Thiamine requirement. Thiamine requirement is related to the total caloric intake and proportion of calories provided as carbohydrates (202). A high caloric and high carbohydrate diet increases the demand for thiamine. According to the Food and Agriculture Organization and the World Health Organization, the recommended intake is 0.4 mg of thiamine per 1000 kcal; the Food and Nutrition Board recommends a daily allowance of 0.5 mg per 1000 kcals. The median intake of thiamine from food in the United States is approximately 2 mg/day. Thiamine requirement is also dependent on the body’s metabolic rate with the requirement being the greatest during periods of high metabolic demand. Thiamine requirements increase in children, during pregnancy and lactation, and with vigorous exercise. Increased requirements are also seen in hyperthyroidism, malignancy, systemic infections, and in the critically ill. In patients with a marginal nutritional status, the increased metabolic demand associated with these conditions can precipitate symptoms of thiamine deficiency.

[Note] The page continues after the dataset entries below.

Lemma mxder_var A a a' c :
  mxder A a (X a' c) = if a' == a then \sum_(b < 5) A b c *: X a b else 0.
Proof.
rewrite /mxder; case: eqP => [<-|ne_a].
  apply: eq_bigr => b _; rewrite (bigD1 c) //= mderiv_var eqxx mulr1 big1 ?addr0 // => c' ne_c.
  rewrite mderiv_var; case: eqP => [/var_inj[_ eq_c]|]; last by rewrite mulr0 scaler0.
  by rewrite eq_c eqxx in ne_c.
apply: big1 => b _; apply: big1 => c' _; rewrite mderiv_var.
by case: eqP => [/var_inj[]|]; rewrite ?mulr0 ?scaler0.
Qed.

End MatrixDerivation.

Section ActionLinearity.
Variables (C : numClosedFieldType) (N : nat) (zeta : 'I_N -> C).
Local Notation V := {mpoly C[N * 5]}.

Lemma act_mxder A i (p : V) : act zeta (A, i) p = \sum_(a < N) zeta a ^+ i *: mxder A a p.
Proof.
rewrite /act; apply: eq_bigr => a _; rewrite scaler_sumr; apply: eq_bigr => b _.
by rewrite scaler_sumr; apply: eq_bigr => c _; rewrite scalerA.
Qed.

Lemma actD Ai (p q : V) : act zeta Ai (p + q) = act zeta Ai p + act zeta Ai q.
Proof.
case: Ai => A i; rewrite !act_mxder -big_split.
by apply: eq_bigr => a _; rewrite mxderD scalerDr.
Qed.

Lemma actZ Ai r (p : V) : act zeta Ai (r *: p) = r *: act zeta Ai p.
Proof.
case: Ai => A i; rewrite !act_mxder scaler_sumr.
by apply: eq_bigr => a _; rewrite mxderZ !scalerA mulrC.
Qed.

Lemma act_sum Ai (I : Type) (r : seq I) (P : pred I) (F : I -> V) :
  act zeta Ai (\sum_(i <- r | P i) F i) = \sum_(i <- r | P i) act zeta Ai (F i).
Proof.
have act0 : act zeta Ai 0 = 0 by rewrite -[0 in LHS](scale0r (0 : V)) actZ scale0r.
exact: (big_morph _ (actD Ai) act0).
Qed.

Physiology. The terms vitamin B1 and thiamine are used interchangeably. At low concentrations, thiamine is absorbed in jejunum and ileum by an active, carrier-mediated, rate-limited process (239). At higher concentrations, absorption takes place by passive diffusion. Adequate blood thiamine levels can be rapidly achieved with high-dose oral thiamine (227). After gastrointestinal uptake, thiamine is transported by portal blood to the liver. Transport of thiamine across the blood-brain barrier occurs by both active and passive mechanisms (239; 145). Thiamine functions as a coenzyme in the metabolism of carbohydrates, lipids, and amino acids. It has a role in energy production by adenosine triphosphate synthesis, in myelin sheath maintenance, and in neurotransmitter production. Following cellular uptake, thiamine is phosphorylated into thiamine diphosphate, the metabolically active form that is involved in several enzyme systems (30; 157). Thiamine diphosphate is a cofactor for the pyruvate dehydrogenase complex, alpha-ketoglutarate dehydrogenase, and transketolase (30). Pyruvate dehydrogenase and alpha-ketoglutarate dehydrogenase are involved in the tricarboxylic acid cycle in oxidative decarboxylation of alpha-ketoacids such as pyruvate and alpha-ketoglutarate to acetyl CoA and succinate, respectively. Transketolase transfers activated aldehydes in the hexose monophosphate shunt (pentose-phosphate pathway) in the generation of nicotinamide adenine dinucleotide phosphate (NADPH) for reductive biosynthesis. Thiamine diphosphate may be further phosphorylated to thiamine triphosphate, which may activate high-conductance chloride channels and have a role in regulating cholinergic and serotonergic neurotransmission (16).